YOUR TASK
Retype each entry below, keeping every character the same.

Saved entries:

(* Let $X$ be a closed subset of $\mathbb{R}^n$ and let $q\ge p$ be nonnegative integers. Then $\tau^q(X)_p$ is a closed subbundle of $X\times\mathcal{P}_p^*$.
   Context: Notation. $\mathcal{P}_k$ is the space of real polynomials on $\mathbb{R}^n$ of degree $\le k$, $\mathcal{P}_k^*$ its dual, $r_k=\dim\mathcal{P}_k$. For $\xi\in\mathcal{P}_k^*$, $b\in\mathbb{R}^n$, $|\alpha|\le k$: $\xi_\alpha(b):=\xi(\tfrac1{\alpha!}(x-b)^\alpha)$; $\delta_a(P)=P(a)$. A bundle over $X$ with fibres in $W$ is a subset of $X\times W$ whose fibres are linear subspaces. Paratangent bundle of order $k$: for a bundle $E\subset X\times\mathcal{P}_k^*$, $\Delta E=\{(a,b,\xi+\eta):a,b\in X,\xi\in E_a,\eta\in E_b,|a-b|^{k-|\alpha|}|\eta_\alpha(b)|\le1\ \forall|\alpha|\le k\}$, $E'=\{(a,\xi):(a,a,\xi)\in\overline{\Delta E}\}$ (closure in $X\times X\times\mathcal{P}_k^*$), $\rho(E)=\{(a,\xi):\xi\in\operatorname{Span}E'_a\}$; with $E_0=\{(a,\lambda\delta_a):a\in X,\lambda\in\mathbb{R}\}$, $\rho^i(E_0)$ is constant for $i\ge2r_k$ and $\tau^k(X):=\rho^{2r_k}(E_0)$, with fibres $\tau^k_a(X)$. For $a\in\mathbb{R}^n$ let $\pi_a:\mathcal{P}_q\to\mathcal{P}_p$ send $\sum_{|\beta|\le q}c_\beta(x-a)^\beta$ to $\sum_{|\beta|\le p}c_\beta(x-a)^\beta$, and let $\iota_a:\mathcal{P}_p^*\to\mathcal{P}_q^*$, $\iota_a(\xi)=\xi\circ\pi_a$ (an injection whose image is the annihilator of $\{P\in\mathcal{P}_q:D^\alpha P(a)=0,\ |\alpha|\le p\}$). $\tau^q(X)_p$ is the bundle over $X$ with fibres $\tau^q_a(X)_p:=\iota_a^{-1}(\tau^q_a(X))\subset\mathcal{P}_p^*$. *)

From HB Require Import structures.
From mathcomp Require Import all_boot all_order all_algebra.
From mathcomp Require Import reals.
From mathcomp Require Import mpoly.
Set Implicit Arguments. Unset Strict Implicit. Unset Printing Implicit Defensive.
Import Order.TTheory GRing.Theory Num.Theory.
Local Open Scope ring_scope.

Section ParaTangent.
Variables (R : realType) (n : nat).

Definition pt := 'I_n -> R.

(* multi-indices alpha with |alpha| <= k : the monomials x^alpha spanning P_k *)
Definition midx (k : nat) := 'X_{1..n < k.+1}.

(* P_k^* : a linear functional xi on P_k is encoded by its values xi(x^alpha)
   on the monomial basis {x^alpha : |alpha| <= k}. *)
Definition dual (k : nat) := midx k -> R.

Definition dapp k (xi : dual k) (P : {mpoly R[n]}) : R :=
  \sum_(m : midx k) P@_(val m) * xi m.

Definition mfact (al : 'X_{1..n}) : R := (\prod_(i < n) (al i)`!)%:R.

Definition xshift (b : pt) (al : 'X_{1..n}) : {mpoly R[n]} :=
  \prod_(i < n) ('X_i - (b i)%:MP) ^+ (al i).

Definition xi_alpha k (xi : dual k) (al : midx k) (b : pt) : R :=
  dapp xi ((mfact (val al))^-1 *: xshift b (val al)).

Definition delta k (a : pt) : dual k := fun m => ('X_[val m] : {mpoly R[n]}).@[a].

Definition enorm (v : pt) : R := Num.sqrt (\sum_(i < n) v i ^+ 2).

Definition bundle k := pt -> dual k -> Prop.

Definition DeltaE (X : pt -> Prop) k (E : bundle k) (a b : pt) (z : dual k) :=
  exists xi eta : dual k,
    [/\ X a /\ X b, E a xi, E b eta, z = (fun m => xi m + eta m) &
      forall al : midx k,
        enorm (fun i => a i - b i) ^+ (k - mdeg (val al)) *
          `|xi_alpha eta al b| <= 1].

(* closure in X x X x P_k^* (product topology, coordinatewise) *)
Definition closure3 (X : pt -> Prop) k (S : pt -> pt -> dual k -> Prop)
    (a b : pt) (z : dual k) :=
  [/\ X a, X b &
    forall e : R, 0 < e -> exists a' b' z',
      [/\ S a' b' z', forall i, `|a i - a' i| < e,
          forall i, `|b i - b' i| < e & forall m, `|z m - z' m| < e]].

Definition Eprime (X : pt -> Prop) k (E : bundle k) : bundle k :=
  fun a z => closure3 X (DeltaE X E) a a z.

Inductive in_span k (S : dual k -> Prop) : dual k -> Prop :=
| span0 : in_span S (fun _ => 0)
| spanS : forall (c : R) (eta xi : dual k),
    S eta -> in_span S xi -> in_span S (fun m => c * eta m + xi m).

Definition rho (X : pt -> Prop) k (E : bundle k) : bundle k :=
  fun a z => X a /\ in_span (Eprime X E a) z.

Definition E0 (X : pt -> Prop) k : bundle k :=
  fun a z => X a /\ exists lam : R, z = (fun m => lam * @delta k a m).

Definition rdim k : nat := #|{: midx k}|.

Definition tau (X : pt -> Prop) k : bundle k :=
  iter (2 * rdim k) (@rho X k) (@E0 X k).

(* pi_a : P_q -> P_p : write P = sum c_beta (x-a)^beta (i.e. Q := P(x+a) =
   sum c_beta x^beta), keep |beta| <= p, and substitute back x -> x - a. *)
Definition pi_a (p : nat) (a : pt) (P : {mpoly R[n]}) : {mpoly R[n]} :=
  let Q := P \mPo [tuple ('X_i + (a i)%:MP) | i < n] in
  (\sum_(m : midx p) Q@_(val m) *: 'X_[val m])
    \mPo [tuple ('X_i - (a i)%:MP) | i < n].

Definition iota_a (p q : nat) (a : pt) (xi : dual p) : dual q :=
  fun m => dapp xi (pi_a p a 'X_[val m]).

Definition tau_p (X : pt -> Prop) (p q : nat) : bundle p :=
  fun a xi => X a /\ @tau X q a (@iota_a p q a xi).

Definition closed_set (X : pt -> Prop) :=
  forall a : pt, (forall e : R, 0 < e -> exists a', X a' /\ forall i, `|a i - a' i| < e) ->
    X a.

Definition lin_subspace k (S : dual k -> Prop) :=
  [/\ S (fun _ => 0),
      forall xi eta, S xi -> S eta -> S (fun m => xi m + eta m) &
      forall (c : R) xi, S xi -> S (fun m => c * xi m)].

SOLUTION FOR THIS EXERCISE
(* Let $X$ be a closed subset of $\mathbb{R}^n$ and let $q\ge p$ be nonnegative integers. Then $\tau^q(X)_p$ is a closed subbundle of $X\times\mathcal{P}_p^*$.
   Context: Notation. $\mathcal{P}_k$ is the space of real polynomials on $\mathbb{R}^n$ of degree $\le k$, $\mathcal{P}_k^*$ its dual, $r_k=\dim\mathcal{P}_k$. For $\xi\in\mathcal{P}_k^*$, $b\in\mathbb{R}^n$, $|\alpha|\le k$: $\xi_\alpha(b):=\xi(\tfrac1{\alpha!}(x-b)^\alpha)$; $\delta_a(P)=P(a)$. A bundle over $X$ with fibres in $W$ is a subset of $X\times W$ whose fibres are linear subspaces. Paratangent bundle of order $k$: for a bundle $E\subset X\times\mathcal{P}_k^*$, $\Delta E=\{(a,b,\xi+\eta):a,b\in X,\xi\in E_a,\eta\in E_b,|a-b|^{k-|\alpha|}|\eta_\alpha(b)|\le1\ \forall|\alpha|\le k\}$, $E'=\{(a,\xi):(a,a,\xi)\in\overline{\Delta E}\}$ (closure in $X\times X\times\mathcal{P}_k^*$), $\rho(E)=\{(a,\xi):\xi\in\operatorname{Span}E'_a\}$; with $E_0=\{(a,\lambda\delta_a):a\in X,\lambda\in\mathbb{R}\}$, $\rho^i(E_0)$ is constant for $i\ge2r_k$ and $\tau^k(X):=\rho^{2r_k}(E_0)$, with fibres $\tau^k_a(X)$. For $a\in\mathbb{R}^n$ let $\pi_a:\mathcal{P}_q\to\mathcal{P}_p$ send $\sum_{|\beta|\le q}c_\beta(x-a)^\beta$ to $\sum_{|\beta|\le p}c_\beta(x-a)^\beta$, and let $\iota_a:\mathcal{P}_p^*\to\mathcal{P}_q^*$, $\iota_a(\xi)=\xi\circ\pi_a$ (an injection whose image is the annihilator of $\{P\in\mathcal{P}_q:D^\alpha P(a)=0,\ |\alpha|\le p\}$). $\tau^q(X)_p$ is the bundle over $X$ with fibres $\tau^q_a(X)_p:=\iota_a^{-1}(\tau^q_a(X))\subset\mathcal{P}_p^*$. *)

From HB Require Import structures.
From mathcomp Require Import all_boot all_order all_algebra.
From mathcomp Require Import reals.
From mathcomp Require Import mpoly.
Set Implicit Arguments. Unset Strict Implicit. Unset Printing Implicit Defensive.
Import Order.TTheory GRing.Theory Num.Theory.
Local Open Scope ring_scope.

Section ParaTangent.
Variables (R : realType) (n : nat).

Definition pt := 'I_n -> R.

(* multi-indices alpha with |alpha| <= k : the monomials x^alpha spanning P_k *)
Definition midx (k : nat) := 'X_{1..n < k.+1}.

(* P_k^* : a linear functional xi on P_k is encoded by its values xi(x^alpha)
   on the monomial basis {x^alpha : |alpha| <= k}. *)
Definition dual (k : nat) := midx k -> R.

Definition dapp k (xi : dual k) (P : {mpoly R[n]}) : R :=
  \sum_(m : midx k) P@_(val m) * xi m.

Definition mfact (al : 'X_{1..n}) : R := (\prod_(i < n) (al i)`!)%:R.

Definition xshift (b : pt) (al : 'X_{1..n}) : {mpoly R[n]} :=
  \prod_(i < n) ('X_i - (b i)%:MP) ^+ (al i).

Definition xi_alpha k (xi : dual k) (al : midx k) (b : pt) : R :=
  dapp xi ((mfact (val al))^-1 *: xshift b (val al)).

Definition delta k (a : pt) : dual k := fun m => ('X_[val m] : {mpoly R[n]}).@[a].

Definition enorm (v : pt) : R := Num.sqrt (\sum_(i < n) v i ^+ 2).

Definition bundle k := pt -> dual k -> Prop.

Definition DeltaE (X : pt -> Prop) k (E : bundle k) (a b : pt) (z : dual k) :=
  exists xi eta : dual k,
    [/\ X a /\ X b, E a xi, E b eta, z = (fun m => xi m + eta m) &
      forall al : midx k,
        enorm (fun i => a i - b i) ^+ (k - mdeg (val al)) *
          `|xi_alpha eta al b| <= 1].

(* closure in X x X x P_k^* (product topology, coordinatewise) *)
Definition closure3 (X : pt -> Prop) k (S : pt -> pt -> dual k -> Prop)
    (a b : pt) (z : dual k) :=
  [/\ X a, X b &
    forall e : R, 0 < e -> exists a' b' z',
      [/\ S a' b' z', forall i, `|a i - a' i| < e,
          forall i, `|b i - b' i| < e & forall m, `|z m - z' m| < e]].

Definition Eprime (X : pt -> Prop) k (E : bundle k) : bundle k :=
  fun a z => closure3 X (DeltaE X E) a a z.

Inductive in_span k (S : dual k -> Prop) : dual k -> Prop :=
| span0 : in_span S (fun _ => 0)
| spanS : forall (c : R) (eta xi : dual k),
    S eta -> in_span S xi -> in_span S (fun m => c * eta m + xi m).

Definition rho (X : pt -> Prop) k (E : bundle k) : bundle k :=
  fun a z => X a /\ in_span (Eprime X E a) z.

Definition E0 (X : pt -> Prop) k : bundle k :=
  fun a z => X a /\ exists lam : R, z = (fun m => lam * @delta k a m).

Definition rdim k : nat := #|{: midx k}|.

Definition tau (X : pt -> Prop) k : bundle k :=
  iter (2 * rdim k) (@rho X k) (@E0 X k).

(* pi_a : P_q -> P_p : write P = sum c_beta (x-a)^beta (i.e. Q := P(x+a) =
   sum c_beta x^beta), keep |beta| <= p, and substitute back x -> x - a. *)
Definition pi_a (p : nat) (a : pt) (P : {mpoly R[n]}) : {mpoly R[n]} :=
  let Q := P \mPo [tuple ('X_i + (a i)%:MP) | i < n] in
  (\sum_(m : midx p) Q@_(val m) *: 'X_[val m])
    \mPo [tuple ('X_i - (a i)%:MP) | i < n].

Definition iota_a (p q : nat) (a : pt) (xi : dual p) : dual q :=
  fun m => dapp xi (pi_a p a 'X_[val m]).

Definition tau_p (X : pt -> Prop) (p q : nat) : bundle p :=
  fun a xi => X a /\ @tau X q a (@iota_a p q a xi).

Definition closed_set (X : pt -> Prop) :=
  forall a : pt, (forall e : R, 0 < e -> exists a', X a' /\ forall i, `|a i - a' i| < e) ->
    X a.

Definition lin_subspace k (S : dual k -> Prop) :=
  [/\ S (fun _ => 0),
      forall xi eta, S xi -> S eta -> S (fun m => xi m + eta m) &
      forall (c : R) xi, S xi -> S (fun m => c * xi m)].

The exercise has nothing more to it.